▶ _What needs to be done_
Every line of the listing that contains the word "have" is to be copied out.

[Records for processing]

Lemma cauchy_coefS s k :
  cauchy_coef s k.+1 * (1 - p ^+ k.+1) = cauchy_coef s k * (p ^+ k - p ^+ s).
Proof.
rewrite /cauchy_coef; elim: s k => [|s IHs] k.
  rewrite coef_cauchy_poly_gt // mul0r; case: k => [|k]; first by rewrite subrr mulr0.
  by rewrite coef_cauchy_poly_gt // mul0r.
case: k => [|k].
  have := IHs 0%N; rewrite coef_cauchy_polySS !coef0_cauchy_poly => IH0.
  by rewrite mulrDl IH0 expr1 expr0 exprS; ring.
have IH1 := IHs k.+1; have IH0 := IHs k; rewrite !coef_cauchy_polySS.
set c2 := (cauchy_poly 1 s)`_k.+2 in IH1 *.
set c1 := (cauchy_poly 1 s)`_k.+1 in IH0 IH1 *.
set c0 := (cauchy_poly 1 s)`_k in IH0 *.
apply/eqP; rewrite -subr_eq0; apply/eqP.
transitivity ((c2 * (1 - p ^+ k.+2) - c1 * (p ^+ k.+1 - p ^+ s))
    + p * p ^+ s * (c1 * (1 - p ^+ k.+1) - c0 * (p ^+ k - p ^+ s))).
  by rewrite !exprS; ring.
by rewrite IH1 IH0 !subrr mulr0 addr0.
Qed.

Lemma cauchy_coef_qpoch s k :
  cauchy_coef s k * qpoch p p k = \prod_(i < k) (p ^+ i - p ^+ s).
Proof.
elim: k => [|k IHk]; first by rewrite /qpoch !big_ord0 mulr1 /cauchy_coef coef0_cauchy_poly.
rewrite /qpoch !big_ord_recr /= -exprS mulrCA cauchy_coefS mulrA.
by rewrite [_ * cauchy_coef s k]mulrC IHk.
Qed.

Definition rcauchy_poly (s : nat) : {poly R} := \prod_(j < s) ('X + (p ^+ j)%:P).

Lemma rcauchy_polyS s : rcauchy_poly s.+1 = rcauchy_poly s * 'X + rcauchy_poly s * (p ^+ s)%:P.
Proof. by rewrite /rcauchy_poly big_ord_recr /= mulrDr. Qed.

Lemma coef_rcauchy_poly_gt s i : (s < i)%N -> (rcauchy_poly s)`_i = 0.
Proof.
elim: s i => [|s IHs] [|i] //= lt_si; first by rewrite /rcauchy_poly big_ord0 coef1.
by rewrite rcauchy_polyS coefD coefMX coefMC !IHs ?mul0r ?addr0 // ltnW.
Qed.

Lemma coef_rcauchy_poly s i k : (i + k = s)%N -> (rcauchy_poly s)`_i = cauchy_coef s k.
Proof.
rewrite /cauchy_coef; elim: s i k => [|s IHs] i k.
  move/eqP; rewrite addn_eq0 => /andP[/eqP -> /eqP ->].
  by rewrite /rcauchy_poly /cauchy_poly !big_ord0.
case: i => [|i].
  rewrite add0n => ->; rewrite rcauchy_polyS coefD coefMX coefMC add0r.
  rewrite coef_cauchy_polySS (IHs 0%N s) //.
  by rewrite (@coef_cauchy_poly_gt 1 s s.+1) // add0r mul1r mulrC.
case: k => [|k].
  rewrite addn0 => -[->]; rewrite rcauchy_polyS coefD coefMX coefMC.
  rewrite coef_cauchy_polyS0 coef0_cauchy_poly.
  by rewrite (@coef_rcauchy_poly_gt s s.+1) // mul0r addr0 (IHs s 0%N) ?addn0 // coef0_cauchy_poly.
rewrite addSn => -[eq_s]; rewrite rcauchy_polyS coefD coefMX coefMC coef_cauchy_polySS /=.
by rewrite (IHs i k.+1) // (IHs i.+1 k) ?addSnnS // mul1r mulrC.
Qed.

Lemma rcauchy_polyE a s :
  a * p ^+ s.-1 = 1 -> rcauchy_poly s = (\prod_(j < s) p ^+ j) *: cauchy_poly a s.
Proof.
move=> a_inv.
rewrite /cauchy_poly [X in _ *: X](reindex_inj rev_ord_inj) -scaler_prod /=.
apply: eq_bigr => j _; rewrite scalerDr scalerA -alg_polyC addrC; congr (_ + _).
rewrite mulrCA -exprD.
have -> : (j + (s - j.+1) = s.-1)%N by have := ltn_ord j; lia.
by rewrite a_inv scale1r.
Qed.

[/Records for processing]

▶ _Result_
  have := IHs 0%N; rewrite coef_cauchy_polySS !coef0_cauchy_poly => IH0.
have IH1 := IHs k.+1; have IH0 := IHs k; rewrite !coef_cauchy_polySS.
have -> : (j + (s - j.+1) = s.-1)%N by have := ltn_ord j; lia.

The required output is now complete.